Evaluating a new dental implant abutment for posterior teeth
Clinical Efficacy of Nobel Parallel CC Implants With on1 Abutment in Posterior Area Participants Participants: Fuming He, Jimin Jiang, Hongye Lu To Evaluate the Long-term Efficacy of on1 Abutment Produced by Nobel Biocare Manufacturer
NA · The Dental Hospital of Zhejiang University School of Medicine · NCT05399589
This study is testing a new dental implant piece for back teeth to see if it works better than the usual healing caps for patients getting implants.
Quick facts
| Phase | NA |
|---|---|
| Study type | Interventional |
| Enrollment | 48 (estimated) |
| Ages | 18 Years to 70 Years |
| Sex | All |
| Sponsor | The Dental Hospital of Zhejiang University School of Medicine (other) |
| Locations | 1 site (Hangzhou, Zhejiang) |
| Trial ID | NCT05399589 on ClinicalTrials.gov |
What this trial studies
This clinical trial aims to assess the efficacy of the Nobel Parallel CC implant combined with the on1 abutment compared to traditional healing caps in posterior teeth. It is a prospective clinical study that will follow participants for five years, with evaluations including panoramic imaging to measure marginal bone levels and clinical assessments of implant conditions and patient satisfaction. The study will involve 80 patients, with 40 receiving the new on1 abutment and 40 receiving a conventional healing cap. The goal is to determine the clinical outcomes and benefits of the new abutment design over time.
Who should consider this trial
Good fit: Ideal candidates are adults over 18 years old who require a single dental implant in the posterior region without any medical contraindications.
Not a fit: Patients with uncontrolled systemic diseases, severe malocclusion, or those who smoke heavily may not benefit from this study.
Why it matters
Potential benefit: If successful, this study could lead to improved outcomes and satisfaction for patients receiving dental implants.
How similar studies have performed: While there are few clinical studies on the on1 abutment, the approach of using a fixed abutment during surgery is relatively novel and has not been extensively tested.
Eligibility criteria
Show full inclusion / exclusion criteria
The inclusion criteria were as follows: 1. At least eighteen years old without any medical contraindications, able to tolerate dental implant surgery; 2. Planned to implant with Nobel Parallel CC™ in the maxillary or mandible posterior tooth regions with single-implant-prosthesis design; 3. No requirement for further bone augmentation; 4. Sufficient space to place the abutment and future prosthesis; 5. Adhere to follow-up. The exclusion criteria were as follows: 1. Uncontrolled systematic diseases (blood pressure \>180/100 mmHg, fasting blood glucose \>8.88 mmol/L, myocardial infarction in six months, cardiac function class III to IV, third- or second-degree II atrioventricular block, and double bundle branch block et al.); 2. Using drugs such as bisphosphonates within three months; 3. Heavy smoker (≥ 10 cigarettes per day), alcoholism, and drug abuse; 4. Uncontrolled periodontitis; 5. Implant site infection; 6. Pregnancy or lactation; 7. Severe malocclusion.

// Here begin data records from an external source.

(* X is the leaky urn chain on the probability space (T,P), started at (1,0):
   the events {X_t = s} are measurable, and the finite-dimensional
   distributions are those of the Markov chain with kernel [trans]. *)
Definition is_leaky_urn (d : measure_display) (T : measurableType d)
  (R : realType) (P : probability T R) (X : nat -> T -> state) : Prop :=
  [/\ (forall t (s : state), measurable (X t @^-1` [set s])),
      (forall s, P (cyl X 1 s) = ((s 1%N == ((1 : int), (0 : int)))%:R)%:E) &
      (forall n s, (0 < n)%N ->
         P (cyl X n.+1 s) = (P (cyl X n s) * (trans R (s n) (s n.+1))%:E)%E)].

(* tau(w) = min { t > 1 : |A_t| + |B_t| = 1 }, = +oo if that set is empty. *)
Definition tau (R : realType) (T : Type) (X : nat -> T -> state) (w : T)
  : \bar R :=
  ereal_inf [set ((t%:R : R)%:E) | t in
     [set t : nat | (1 < t)%N /\ `|(X t w).1| + `|(X t w).2| = 1]].

From HB Require Import structures.
From mathcomp Require Import all_boot all_order all_algebra.
From mathcomp Require Import all_classical all_reals all_analysis.
From mathcomp Require Import zify.
From mathcomp.algebra_tactics Require Import ring lra.
Set Implicit Arguments. Unset Strict Implicit. Unset Printing Implicit Defensive.
Import Order.TTheory GRing.Theory Num.Theory.
Local Open Scope ring_scope.

(* The potential H = [urnH] is harmonic for the urn and vanishes on the
   absorbing states |a| + |b| = 1, so for the chain killed at absorption its
   mean stays H(1,1) = 2.  Since H(a,b) >= |a||b| off the axes, H ln H has mean
   increment at most 4 per step.  Writing M_k = P(tau > k+1), this gives, for
   every K > 0,
     2 ln K - K M_n <= E[H ln H (X_(n+1)); tau > n+1]
                    <= 2 ln 2 + 4 (M_0 + ... + M_(n-1)),
   the left inequality being y ln y >= y ln K - K.  If the M_k had a bounded
   sum B, monotonicity would give M_n <= B/(n+1), and letting n and then K grow
   contradicts the display.  Hence E[tau] >= sum_k M_k = +oo. *)

Definition urnH (x : state) : int :=
  let: (a, b) := x in
  if (a != 0) && (b != 0) then a * a + b * b + sgn (a * b) * (`|a| - `|b|)
  else a * a + b * b - `|a| - `|b|.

Where this trial is running
Hangzhou, Zhejiang
- The Affiliated Stomatology Hospital, Zhejiang University School of Medicine, 166 North Qiu'tao Road — Hangzhou, Zhejiang, China (RECRUITING)
Study contacts
- Study coordinator: Fuming He, PhD
- Email: hfm@zju.edu.cn
- Phone: 13516817697
How to participate
- Review the eligibility criteria above with your treating physician.
- Visit the official trial page on ClinicalTrials.gov for the most current contact information and recruitment status.
- Contact the listed study coordinator or principal investigator to request pre-screening. Pre-screening is free and never obligates you to enroll.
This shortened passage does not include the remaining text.